### TASK STATEMENT
Quote only the lines from the top of the listing below down to and including the line with "rewrite /weight (bigID".

### INFORMATION
(* Flipping the neighbours of [a] changes at most [deg] factors, each between
   [p] and [1 - p]; the degree bound pays for the worst case. *)
Lemma weight_flip_nbrs s : q * weight s <= weight (flip_nbrs s).
Proof.
have p_le_1p : p <= 1 - p by rewrite lerBrDr -mulr2n -mulr_natr -ler_pdivlMr // mul1r.
have nbr_site i b : adj a i -> p <= site_weight a p i b <= 1 - p.
  move=> ai; rewrite /site_weight ifN; last by apply: contraTneq ai => ->; rewrite adj_irr.
  by case: b; rewrite lexx ?p_le_1p.
rewrite /weight (bigID (adj a)) [X in _ <= X](bigID (adj a)) /=.
rewrite [X in _ <= _ * X](eq_bigr (fun i => site_weight a p i (s i))); last first.
  by move=> i /negbTE nai; rewrite ffunE nai addbF.
rewrite mulrA; apply: ler_wpM2r; first by apply: prodr_ge0 => i _; apply: site_weight_ge0.
apply: (le_trans (y := q * (1 - p) ^+ deg)).
  rewrite ler_wpM2l ?coherence_ge0 // cardsE -prodr_const.
  apply: ler_prod => i ai; have /andP [lo hi] := nbr_site i (s i) ai.
  by rewrite hi (le_trans p_ge0 lo).
apply: (le_trans deg_bound); rewrite cardsE -prodr_const.
apply: ler_prod => i ai; have /andP [lo _] := nbr_site i (flip_nbrs s i) ai.
by rewrite p_ge0 lo.
Qed.

Lemma sep_weight_ge0 k s : 0 <= sep_weight adj a p k s.
Proof.
apply: sep_coef_ge0; rewrite ?coherence_ge0 ?coherence_le1 ?weight_ge0 ?weight_flip_nbrs //.
by rewrite -[X in _ <= weight X](flip_nbrsK adj a s) weight_flip_nbrs.
Qed.
(* Let $M$ be a matroid with $\lambda(M)=\sigma(M)=k$ and $\rank(M)=r$, and let $C_1,\ldots,C_\ell$ be all the cocircuits of $M$ of size $k$. Then the crux $\chi(M)=M\setminus(C_1\cup\cdots\cup C_\ell)$ has rank $r-\ell$.
   Context: $\sigma(M)$ is the maximum number of pairwise disjoint bases of $M$; $\lambda(M)$ is the minimum size of a cocircuit (a minimal set meeting every base). The crux $\chi(M)$ of $M$ is the matroid obtained from $M$ by deleting all elements lying in some minimum-size cocircuit; if this removes all elements, $\chi(M)$ is the empty matroid (of rank $0$). *)

From mathcomp Require Import all_boot.
Set Implicit Arguments. Unset Strict Implicit. Unset Printing Implicit Defensive.

Section Matroid.
Variable T : finType.

Definition is_matroid (E : {set T}) (B : {set {set T}}) : Prop :=
  [/\ (forall b, b \in B -> b \subset E),
      B != set0 &
      (forall b1 b2, b1 \in B -> b2 \in B -> forall x, x \in b1 :\: b2 ->
         exists2 y, y \in b2 :\: b1 & (b1 :\ x) :|: [set y] \in B)].

Definition indep (B : {set {set T}}) (I : {set T}) : bool :=
  [exists b in B, I \subset b].

(* rank of a matroid = size of a base (all bases have equal size) *)
Definition mrank (B : {set {set T}}) : nat := \max_(b in B) #|b|.

Definition delete (E : {set T}) (B : {set {set T}}) (X : {set T}) : {set {set T}} :=
  [set I | maxset (fun J : {set T} => indep B J && (J \subset E :\: X)) I].

Definition cocircuit (E : {set T}) (B : {set {set T}}) (C : {set T}) : bool :=
  minset (fun X : {set T} => (X \subset E) && [forall b in B, ~~ [disjoint X & b]]) C.

Definition lambda_eq (E : {set T}) (B : {set {set T}}) (k : nat) : Prop :=
  (exists2 C, cocircuit E B C & #|C| = k) /\
  (forall C, cocircuit E B C -> k <= #|C|).

Definition disjoint_bases (B : {set {set T}}) (n : nat) (f : 'I_n -> {set T}) : Prop :=
  (forall i, f i \in B) /\ (forall i j, i != j -> [disjoint f i & f j]).

Definition sigma_eq (B : {set {set T}}) (k : nat) : Prop :=
  (exists f : 'I_k -> {set T}, disjoint_bases B f) /\
  (forall g : 'I_k.+1 -> {set T}, ~ disjoint_bases B g).

Definition min_cocircuits (E : {set T}) (B : {set {set T}}) (k : nat) : {set {set T}} :=
  [set C | cocircuit E B C & #|C| == k].

Definition crux_bases (E : {set T}) (B : {set {set T}}) (k : nat) : {set {set T}} :=
  delete E B (\bigcup_(C in min_cocircuits E B k) C).

End Matroid.

From mathcomp Require Import all_boot zify.
Set Implicit Arguments. Unset Strict Implicit. Unset Printing Implicit Defensive.

(* Let M have k pairwise disjoint bases and cocircuits of size k, and let
   mc be the set of its k-element cocircuits, with union X.  Fix one of the
   disjoint bases, b1.
   - Pigeonhole: a k-set meeting each of k pairwise disjoint sets meets each
     of them exactly once; so every C in mc meets b1 in a single point.
   - A cocircuit meeting a base b1 in exactly {x} is determined by b1 and x
     (it is the fundamental cocircuit of x), so C |-> C :&: b1 is injective
     on mc and #|b1 :&: X| = #|mc|.
   - Rank of M \ X: b1 :\: X is independent in M \ X, giving the lower bound
     #|b1| - #|b1 :&: X|; conversely an independent I avoiding X extends to
     a base b' inside I :|: b1, and b' must contain the point of every
     C in mc, i.e. all of b1 :&: X, giving the matching upper bound. *)

Lemma meets_each_once (T : finType) k (f : 'I_k -> {set T}) (C : {set T}) :
  (forall i j, i != j -> [disjoint f i & f j]) -> #|C| <= k ->
  (forall i, ~~ [disjoint C & f i]) -> forall i, #|C :&: f i| = 1.
Proof.
move=> disf Ck meetC.
pose F i := C :&: f i.
have F_nonempty i : 0 < #|F i| by rewrite card_gt0 setI_eq0.
have [trivF injF] : trivIset (F @: setT) /\ {in setT &, injective F}.
  apply: trivIimset => [i j _ _ /disf dji|].
    apply: disjointWl (subsetIr _ _) _; apply: disjointWr (subsetIr _ _) _.
    by rewrite disjoint_sym.
  by apply/imsetP => -[i _ F0]; move: (F_nonempty i); rewrite -F0 cards0.
have sum_le : \sum_(i < k) #|F i| <= \sum_(i < k) 1.
  have -> : \sum_(i < k) #|F i| = \sum_(i in [set: 'I_k]) #|F i|.
    by apply: eq_bigl => i; rewrite inE.
  rewrite sum1_card card_ord -(big_imset (fun A : {set T} => #|A|) injF) /=.
  have /eqP <- : #|cover (F @: setT)| == \sum_(A in F @: setT) #|A|.
    by rewrite (leq_card_cover _).2.
  apply: leq_trans Ck; apply: subset_leq_card.
  by rewrite cover_imset; apply/bigcupsP => i _; apply: subsetIl.
have [ge_sum eq_sum] :=
  @leqif_sum _ xpredT _ _ _ (fun i _ => leqif_eq (F_nonempty i)).
move: eq_sum; rewrite eqn_leq ge_sum sum_le => /esym/forall_inP one_each i.
exact/esym/eqP/one_each.
Qed.

Section Bases.
Variables (T : finType) (E : {set T}) (B : {set {set T}}).
Hypothesis matroidB : is_matroid E B.
Implicit Types (I C D S b : {set T}).

(* Repeated basis exchange: if S contains a base b, any base b0 can be
   moved inside S, keeping its size and the elements it already has in S. *)
Lemma base_within b0 b S : b0 \in B -> b \in B -> b \subset S ->
  exists2 b', b' \in B & [/\ #|b'| = #|b0|, b' \subset S & b0 :&: S \subset b'].
Proof.
have [_ _ exchange] := matroidB.
move=> + bB bS; move: {2}#|b0 :\: S| (leqnn #|b0 :\: S|) => n.
elim: n b0 => [|n IH] b0 out_le b0B.
  exists b0 => //; split=> //; last exact: subsetIl.
  by rewrite -setD_eq0 -cards_eq0 -leqn0.
have [/eqP|[x xout]] := set_0Vmem (b0 :\: S).
  by rewrite setD_eq0 => b0S; exists b0 => //; split=> //; apply: subsetIl.
have xb : x \in b0 :\: b.
  move: xout; rewrite !inE => /andP [xS ->]; rewrite andbT.
  by apply: contra xS; apply: subsetP.
have [y yb b1B] := exchange _ _ b0B bB x xb.
move: xout yb; rewrite !inE => /andP [xS xb0] /andP [yb0 yb].
set b1 := (b0 :\ x) :|: [set y] in b1B.
have card_b1 : #|b1| = #|b0|.
  by rewrite /b1 setUC cardsU1 !inE (negbTE yb0) andbF (cardsD1 x b0) xb0.
have out_b1 : b1 :\: S = (b0 :\: S) :\ x.
  apply/setP => z; rewrite !inE; case: (eqVneq z y) => [->|_] /=.
    by rewrite (subsetP bS _ yb) (negbTE yb0) !andbF.
  by rewrite orbF andbCA.
have in_b1 : b0 :&: S \subset b1.
  apply/subsetP => z; rewrite !inE => /andP [zb0 zS].
  by rewrite zb0 andbT; apply/orP; left; apply: contraNneq xS => <-.
have out_b1_le : #|b1 :\: S| <= n.
  by rewrite out_b1 -ltnS (leq_trans _ out_le) // (cardsD1 x (b0 :\: S)) !inE xS xb0.
have [b' b'B [card_b' b'S in_b']] := IH b1 out_b1_le b1B.
exists b' => //; split=> //; first by rewrite card_b' card_b1.
by apply: subset_trans in_b'; rewrite subsetI in_b1 subsetIr.
Qed.

Lemma base_card_eq b1 b2 : b1 \in B -> b2 \in B -> #|b1| = #|b2|.
Proof.
have card_le c1 c2 : c1 \in B -> c2 \in B -> #|c1| <= #|c2|.
  move=> c1B c2B; have [c' _ [<- c'c2 _]] := base_within c1B c2B (subxx c2).
  exact: subset_leq_card.
by move=> b1B b2B; apply/eqP; rewrite eqn_leq !card_le.
Qed.

Lemma mrank_base b : b \in B -> mrank B = #|b|.
Proof.
move=> bB; apply/eqP; rewrite eqn_leq (leq_bigmax_cond _ bB) andbT.
by apply/bigmax_leqP => b' b'B; rewrite (base_card_eq b'B bB).
Qed.

Lemma indep_extend_within I b0 b : b0 \in B -> I \subset b0 -> b \in B ->
  exists2 b', b' \in B & (I \subset b') && (b' \subset I :|: b).
Proof.
move=> b0B Ib0 bB.
have [b' b'B [_ b'S inb']] := base_within b0B bB (subsetUr I b).
exists b' => //; rewrite b'S andbT; apply: subset_trans inb'.
by rewrite subsetI Ib0 subsetUl.
Qed.

Lemma cocircuit_meets C b : cocircuit E B C -> b \in B ->
  exists2 z, z \in C & z \in b.
Proof.
case/minsetP => /andP [_ /forall_inP meets] _ /meets.
by rewrite -setI_eq0 => /set0Pn [z]; rewrite inE => /andP []; exists z.
Qed.

(* Uniqueness of fundamental cocircuits: two cocircuits meeting a base b1
   in the same single point x are nested (hence equal).  For e in C other
   than x, minimality of C gives a base b2 with C :&: b2 \subset [set e];
   extending b1 :\ x inside (b1 :\ x) :|: b2 yields the base
   (b1 :\ x) :|: [set e], which D must meet, and only at e. *)
Lemma fundamental_cocircuit_sub b1 C D x : b1 \in B ->
  cocircuit E B C -> cocircuit E B D -> C :&: b1 = [set x] -> D :&: b1 = [set x] ->
  C \subset D.
Proof.
move=> b1B cocC cocD Cb1 Db1.
have off_base F z : F :&: b1 = [set x] -> z \in F -> z \notin b1 :\ x.
  move=> Fb1 zF; apply/setD1P => -[zx zb1].
  by move/setP/(_ z): Fb1; rewrite !inE zF zb1 (negbTE zx).
have xD : x \in D by move/setP/(_ x): Db1; rewrite !inE eqxx => /andP [].
apply/subsetP => e eC; have [-> // | ex] := eqVneq e x.
have [b2 b2B Ce_b2] : exists2 b2, b2 \in B & [disjoint C :\ e & b2].
  have [/andP [CE _] Cmin] := minsetP cocC.
  have : ~~ [forall b in B, ~~ [disjoint C :\ e & b]].
    apply/negP => Ce_meets.
    have /setP/(_ e) : C :\ e = C.
      by apply: Cmin; rewrite ?subsetDl // Ce_meets (subset_trans (subsetDl C _) CE).
    by rewrite !inE eqxx eC.
  by rewrite negb_forall_in => /exists_inP [b2 b2B /negbNE]; exists b2.
have [b' b'B /andP [sub_b' b'_sub]] :=
  indep_extend_within b1B (subsetDl b1 [set x]) b2B.
have meet_b' F z : F :&: b1 = [set x] -> z \in F -> z \in b' ->
    z \in b' :\: (b1 :\ x).
  by move=> Fb1 zF zb'; rewrite inE zb' (off_base _ _ Fb1 zF).
have [z zC zb'] := cocircuit_meets cocC b'B.
have ez : z = e.
  apply: contraTeq (subsetP b'_sub _ zb') => ze.
  rewrite inE (negbTE (off_base _ _ Cb1 zC)) /=.
  by rewrite (disjointFr Ce_b2) // !inE ze zC.
have [w wD wb'] := cocircuit_meets cocD b'B.
have /cards1P [a new_b'] : #|b' :\: (b1 :\ x)| == 1.
  rewrite cardsD (setIidPr sub_b') (base_card_eq b'B b1B) (cardsD1 x b1).
  by move/setP/(_ x): Cb1; rewrite !inE eqxx => /andP [_ ->]; rewrite addnK.
have := meet_b' _ _ Cb1 zC zb'; have := meet_b' _ _ Db1 wD wb'.
by rewrite new_b' !inE => /eqP wa /eqP za; rewrite -ez za -wa.
Qed.

Lemma delete_base_large b X : b \in B ->
  exists2 I, I \in delete E B X & #|b :\: X| <= #|I|.
Proof.
have [sub_E _ _] := matroidB; move=> bB.
have indep_bX : indep B (b :\: X) && (b :\: X \subset E :\: X).
  by rewrite setSD ?sub_E // andbT; apply/exists_inP; exists b; rewrite ?subsetDl.
have [I maxI sub_I] :=
  maxset_exists (P := fun J => indep B J && (J \subset E :\: X)) indep_bX.
by exists I; [rewrite inE | apply: subset_leq_card].
Qed.

End Bases.

Section DeleteCocircuits.
Variables (T : finType) (E : {set T}) (B : {set {set T}}).
Variables (b1 : {set T}) (mc : {set {set T}}).
Hypotheses (matroidB : is_matroid E B) (b1B : b1 \in B).
Hypothesis mc_cocircuit : forall C, C \in mc -> cocircuit E B C.
Hypothesis mc_single : forall C, C \in mc -> #|C :&: b1| = 1.
Local Notation X := (\bigcup_(C in mc) C).

(* The points C :&: b1 are distinct singletons, one per member of mc. *)
Lemma card_base_meet_union : #|b1 :&: X| = #|mc|.
Proof.
pose P := (fun C => C :&: b1) @: mc.
have inj_meet : {in mc &, injective (fun C => C :&: b1)}.
  move=> C D Cmc Dmc /= CD; have /cards1P [x Cx] := introT eqP (mc_single Cmc).
  have Dx : D :&: b1 = [set x] by rewrite -CD.
  apply/eqP; rewrite eqEsubset.
  by rewrite !(fundamental_cocircuit_sub matroidB b1B _ _ Cx Dx,
               fundamental_cocircuit_sub matroidB b1B _ _ Dx Cx) ?mc_cocircuit.
have trivP : trivIset P.
  apply/trivIsetP => _ _ /imsetP [C Cmc ->] /imsetP [D Dmc ->].
  have /cards1P [x ->] := introT eqP (mc_single Cmc).
  have /cards1P [y ->] := introT eqP (mc_single Dmc).
  by rewrite disjoints1 inE; apply: contraNneq => ->.
have coverP : cover P = b1 :&: X.
  rewrite cover_imset; apply/setP => z; rewrite inE.
  apply/bigcupP/andP => [[C Cmc] | [zb1 /bigcupP [C Cmc zC]]].
    by rewrite inE => /andP [zC zb1]; split=> //; apply/bigcupP; exists C.
  by exists C; rewrite // inE zC.
rewrite -coverP.
have /eqP -> : #|cover P| == \sum_(A in P) #|A| by rewrite (leq_card_cover P).2.
rewrite -(card_in_imset inj_meet) -/P -sum1_card.
by apply: eq_bigr => _ /imsetP [C Cmc ->]; apply: mc_single.
Qed.

(* Upper bound: a base I of M \ X extends to a base b' inside I :|: b1,
   and b' contains the point of b1 in each C of mc, since C meets b'
   but not I. *)
Lemma delete_base_small I : I \in delete E B X -> #|I| + #|b1 :&: X| <= #|b1|.
Proof.
rewrite inE => /maxsetp /andP [/exists_inP [b0 b0B Ib0] I_EX].
have [b' b'B /andP [Ib' b'_sub]] := indep_extend_within matroidB b0B Ib0 b1B.
have IX : [disjoint I & X].
  by rewrite disjoints_subset (subset_trans I_EX) // setDE subsetIr.
have b1X_b' : b1 :&: X \subset b'.
  apply/subsetP => x; rewrite inE => /andP [xb1 /bigcupP [C Cmc xC]].
  have /cards1P [y Cy] := introT eqP (mc_single Cmc).
  have [z zC zb'] := cocircuit_meets (mc_cocircuit Cmc) b'B.
  have zX : z \in X by apply/bigcupP; exists C.
  have zb1 : z \in b1.
    move: (subsetP b'_sub _ zb'); rewrite inE => /orP [zI|//].
    by rewrite (disjointFr IX zI) in zX.
  have single z' : z' \in C -> z' \in b1 -> z' = y.
    by move=> z'C z'b1; apply/set1P; rewrite -Cy inE z'C z'b1.
  by rewrite (single _ xC xb1) -(single _ zC zb1).
have /eqP <- : #|I :|: (b1 :&: X)| == #|I| + #|b1 :&: X|.
  by rewrite (leq_card_setU _ _).2 (disjointWr (subsetIr b1 X) IX).
by rewrite -(base_card_eq matroidB b'B b1B) subset_leq_card // subUset Ib' b1X_b'.
Qed.

Lemma mrank_delete_cocircuits : mrank (delete E B X) + #|mc| = mrank B.
Proof.
rewrite -card_base_meet_union (mrank_base matroidB b1B).
have [I0 I0del I0_large] := delete_base_large matroidB X b1B.
have meet_le : #|b1 :&: X| <= #|b1| by apply/subset_leq_card/subsetIl.
have rank_le : mrank (delete E B X) <= #|b1| - #|b1 :&: X|.
  apply/bigmax_leqP => I Idel; rewrite leq_subRL // addnC.
  exact: delete_base_small.
have rank_ge : #|I0| <= mrank (delete E B X) by apply: leq_bigmax_cond.
move: I0_large; rewrite cardsD.
lia.
Qed.

End DeleteCocircuits.

(* The crux is the deletion of the k-cocircuits; by pigeonhole each of them
   meets each of the k disjoint bases exactly once, so the previous section
   applies with b1 any of these bases. *)
Theorem mainTheorem9 (T : finType) (E : {set T}) (B : {set {set T}})
  (k r : nat) :
  is_matroid E B ->
  lambda_eq E B k -> sigma_eq B k ->
  mrank B = r ->
  mrank (crux_bases E B k) + #|min_cocircuits E B k| = r.
Proof.
move=> matroidB [[C0 cocC0 card_C0] _] [[f [fB f_disj]] _] <-.
have [_ /set0Pn [b bB] _] := matroidB.
have k_gt0 : 0 < k.
  have [z zC0 _] := cocircuit_meets cocC0 bB.
  by rewrite -card_C0 card_gt0; apply/set0Pn; exists z.
apply: (mrank_delete_cocircuits (b1 := f (Ordinal k_gt0))) => // C;
  rewrite inE => /andP [cocC /eqP card_C] //.
apply: (meets_each_once f_disj) => [|i]; first by rewrite card_C.
apply/negP => disj; have [z zC zf] := cocircuit_meets cocC (fB i).
by rewrite (disjointFr disj zC) in zf.
Qed.
(* Let $X$ be a topological space and let $\mathrm{Fer}(X)$ denote the set of closed subsets of $X$. For $W\in\mathrm{Fer}(X)$ put $\mathfrak{Z}(W)=\{Z\in\mathrm{Fer}(X)\mid Z\supseteq W\}$. For $W_1,W_2\in\mathrm{Fer}(X)$ with $W_1\subseteq W_2$, define $\delta^{W_2}_{W_1}:\mathfrak{Z}(W_1)\to\mathfrak{Z}(W_2)$ by $\delta^{W_2}_{W_1}(Z)=Z\cup W_2$. Then $\mathfrak{Z}$, together with the maps $\delta^{W_2}_{W_1}$, is a conciliation in $X$.
   Context: A pre-conciliation $G$ in a topological space $X$ consists of a set $G(W)$ for each closed set $W\in\mathrm{Fer}(X)$, and for all closed $W_1\subseteq W_2$ a map (called a mediation) $\delta^{W_2}_{W_1}:G(W_1)\to G(W_2)$, such that $\delta^W_W$ is the identity map of $G(W)$ for every closed $W$, and $\delta^{W_3}_{W_2}\circ\delta^{W_2}_{W_1}=\delta^{W_3}_{W_1}$ whenever $W_1\subseteq W_2\subseteq W_3$ are closed. A family $(W_i)_{i\in I}$ is a finite closed co-covering of $W\in\mathrm{Fer}(X)$ if $I$ is finite, each $W_i$ is closed, and $W=\bigcap_{i\in I}W_i$. A pre-conciliation $G$ is unified if for every nonempty closed $W$, every finite closed co-covering $(W_i)_{i\in I}$ of $W$, and all $t,s\in G(W)$: if $\delta^{W_j}_W(t)=\delta^{W_j}_W(s)$ for all $j\in I$, then $t=s$. A unified pre-conciliation $G$ is a conciliation if for every nonempty closed $W$, every finite closed co-covering $(W_i)_{i\in I}$ of $W$, and every family $(t_i)_{i\in I}$ with $t_i\in G(W_i)$ satisfying $\delta^{W_i\cup W_j}_{W_i}(t_i)=\delta^{W_i\cup W_j}_{W_j}(t_j)$ for all $i,j\in I$, there exists a unique $t\in G(W)$ with $\delta^{W_i}_W(t)=t_i$ for all $i\in I$. *)

From mathcomp Require Import all_boot all_order.
From mathcomp Require Import all_classical all_reals all_analysis.
Unset Printing Implicit Defensive.
Local Open Scope classical_set_scope.

Definition Fer (X : topologicalType) := {W : set X | closed W}.

Definition ferU (X : topologicalType) (A B : Fer X) : Fer X :=
  exist _ (sval A `|` sval B) (@closedU X _ _ (proj2_sig A) (proj2_sig B)).

Section Conc.
Variable X : topologicalType.
(* G W = G(W); delta W1 W2 = the mediation delta^{W2}_{W1} : G(W1) -> G(W2).
   delta is given as a total function; only its values for W1 ⊆ W2 matter. *)
Variables (G : Fer X -> Type) (delta : forall W1 W2 : Fer X, G W1 -> G W2).

Definition is_preconciliation : Prop :=
  (forall (W : Fer X) (t : G W), delta W W t = t) /\
  (forall W1 W2 W3 : Fer X, sval W1 `<=` sval W2 -> sval W2 `<=` sval W3 ->
     forall t : G W1, delta W2 W3 (delta W1 W2 t) = delta W1 W3 t).

Definition co_covering (W : Fer X) (I : finType) (Wi : I -> Fer X) : Prop :=
  sval W = \bigcap_i sval (Wi i).

Definition is_unified : Prop :=
  is_preconciliation /\
  forall (W : Fer X), sval W !=set0 ->
  forall (I : finType) (Wi : I -> Fer X), co_covering W I Wi ->
  forall t s : G W, (forall j, delta W (Wi j) t = delta W (Wi j) s) -> t = s.

Definition is_conciliation : Prop :=
  is_unified /\
  forall (W : Fer X), sval W !=set0 ->
  forall (I : finType) (Wi : I -> Fer X), co_covering W I Wi ->
  forall ti : forall i, G (Wi i),
    (forall i j, delta (Wi i) (ferU X (Wi i) (Wi j)) (ti i) =
                 delta (Wi j) (ferU X (Wi i) (Wi j)) (ti j)) ->
    exists! t : G W, forall i, delta W (Wi i) t = ti i.
End Conc.

Definition ZG (X : topologicalType) (W : Fer X) : Type :=
  {Z : Fer X | sval W `<=` sval Z}.

Definition Zdelta (X : topologicalType) (W1 W2 : Fer X) (Z : ZG X W1) : ZG X W2 :=
  exist _ (ferU X (sval Z) W2) (@subsetUr _ (sval (sval Z)) (sval W2)).

From mathcomp Require Import all_boot all_order.
From mathcomp Require Import all_classical all_reals all_analysis.

(* If W is the intersection of the W_i and Z contains W, then Z is the
   intersection of the Z ∪ W_i, since union distributes over intersection.
   This gives uniqueness, and glues compatible Z_i ⊇ W_i to their intersection:
   compatibility Z_i ∪ W_j = Z_j ∪ W_i yields (∩_j Z_j) ∪ W_i = ∩_j (Z_i ∪ W_j)
   = Z_i ∪ W = Z_i. *)

Local Open Scope classical_set_scope.

Section ClosedSupersets.
Variable X : topologicalType.

Lemma ZG_ext (W : Fer X) (z1 z2 : ZG X W) :
  sval (sval z1) = sval (sval z2) -> z1 = z2.
Proof.
case: z1 z2 => [[A cA] WA] [[B cB] WB] /= eqAB; subst B.
by rewrite (Prop_irrelevance cA cB) (Prop_irrelevance WA WB).
Qed.

Lemma setU_ZG_base (W : Fer X) (z : ZG X W) :
  sval (sval z) `|` sval W = sval (sval z).
Proof. exact/setUidPl/(proj2_sig z). Qed.

Lemma Zdelta_id (W : Fer X) (z : ZG X W) : Zdelta X W W z = z.
Proof. exact/ZG_ext/setU_ZG_base. Qed.

Lemma Zdelta_comp (W1 W2 W3 : Fer X) (z : ZG X W1) :
  sval W2 `<=` sval W3 ->
  Zdelta X W2 W3 (Zdelta X W1 W2 z) = Zdelta X W1 W3 z.
Proof.
by move=> W23; apply: ZG_ext => /=; rewrite -setUA ((setUidPr _ _).2 W23).
Qed.

Lemma ZG_preconciliation : is_preconciliation X (@ZG X) (@Zdelta X).
Proof. by split=> [|W1 W2 W3 _ W23 z]; [exact: Zdelta_id | exact: Zdelta_comp]. Qed.

Lemma ZG_bigcap_Zdelta {W : Fer X} {I : finType} {Wi : I -> Fer X}
    (z : ZG X W) :
  co_covering X W I Wi ->
  sval (sval z) = \bigcap_i sval (sval (Zdelta X W (Wi i) z)).
Proof. by move=> cov; rewrite /= -setU_bigcapr -cov setU_ZG_base. Qed.

Lemma ZG_unified : is_unified X (@ZG X) (@Zdelta X).
Proof.
split; first exact: ZG_preconciliation.
move=> W _ I Wi cov z1 z2 eq_delta; apply: ZG_ext.
rewrite (ZG_bigcap_Zdelta z1 cov) (ZG_bigcap_Zdelta z2 cov).
by apply: eq_bigcapr => i _; rewrite eq_delta.
Qed.

Section Gluing.
Variables (W : Fer X) (I : finType) (Wi : I -> Fer X).
Hypothesis cov : co_covering X W I Wi.
Variable zi : forall i, ZG X (Wi i).
Hypothesis compat : forall i j,
  Zdelta X (Wi i) (ferU X (Wi i) (Wi j)) (zi i) =
  Zdelta X (Wi j) (ferU X (Wi i) (Wi j)) (zi j).

Lemma ZG_compat_setU i j :
  sval (sval (zi i)) `|` sval (Wi j) = sval (sval (zi j)) `|` sval (Wi i).
Proof.
have /(congr1 (fun z => sval (sval z))) /= := compat i j.
by rewrite setUA setU_ZG_base [sval (Wi i) `|` _]setUC setUA setU_ZG_base.
Qed.

Definition Zglue_set : set X := \bigcap_i sval (sval (zi i)).

Lemma closed_Zglue_set : closed Zglue_set.
Proof. by apply: closed_bigI => i _; exact: proj2_sig (sval (zi i)). Qed.

Lemma Zglue_set_sup : sval W `<=` Zglue_set.
Proof. by rewrite cov => x Wx i _; apply: (proj2_sig (zi i)); exact: Wx. Qed.

Definition Zglue : ZG X W :=
  exist _ (exist _ Zglue_set closed_Zglue_set) Zglue_set_sup.

Lemma Zdelta_Zglue i : Zdelta X W (Wi i) Zglue = zi i.
Proof.
apply: ZG_ext; rewrite /= /Zglue_set setU_bigcapl.
under eq_bigcapr do rewrite -ZG_compat_setU.
by rewrite -setU_bigcapr -cov; apply/setUidPl; rewrite cov => x Wx;
  apply: (proj2_sig (zi i)); exact: Wx.
Qed.

End Gluing.

End ClosedSupersets.

Arguments Zglue {X W I Wi} cov zi.
Arguments Zdelta_Zglue {X W I Wi} cov {zi} compat i.

Theorem mainTheorem1 (X : topologicalType) :
  is_conciliation X (@ZG X) (@Zdelta X).
Proof.
split; first exact: ZG_unified.
move=> W W_neq0 I Wi cov zi compat.
exists (Zglue cov zi); split=> [i | z delta_z]; first exact: Zdelta_Zglue.
apply: ((ZG_unified X).2 W W_neq0 I Wi cov) => i.
by rewrite delta_z (Zdelta_Zglue cov compat).
Qed.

### ANSWER BOX
(* Flipping the neighbours of [a] changes at most [deg] factors, each between
   [p] and [1 - p]; the degree bound pays for the worst case. *)
Lemma weight_flip_nbrs s : q * weight s <= weight (flip_nbrs s).
Proof.
have p_le_1p : p <= 1 - p by rewrite lerBrDr -mulr2n -mulr_natr -ler_pdivlMr // mul1r.
have nbr_site i b : adj a i -> p <= site_weight a p i b <= 1 - p.
  move=> ai; rewrite /site_weight ifN; last by apply: contraTneq ai => ->; rewrite adj_irr.
  by case: b; rewrite lexx ?p_le_1p.
rewrite /weight (bigID (adj a)) [X in _ <= X](bigID (adj a)) /=.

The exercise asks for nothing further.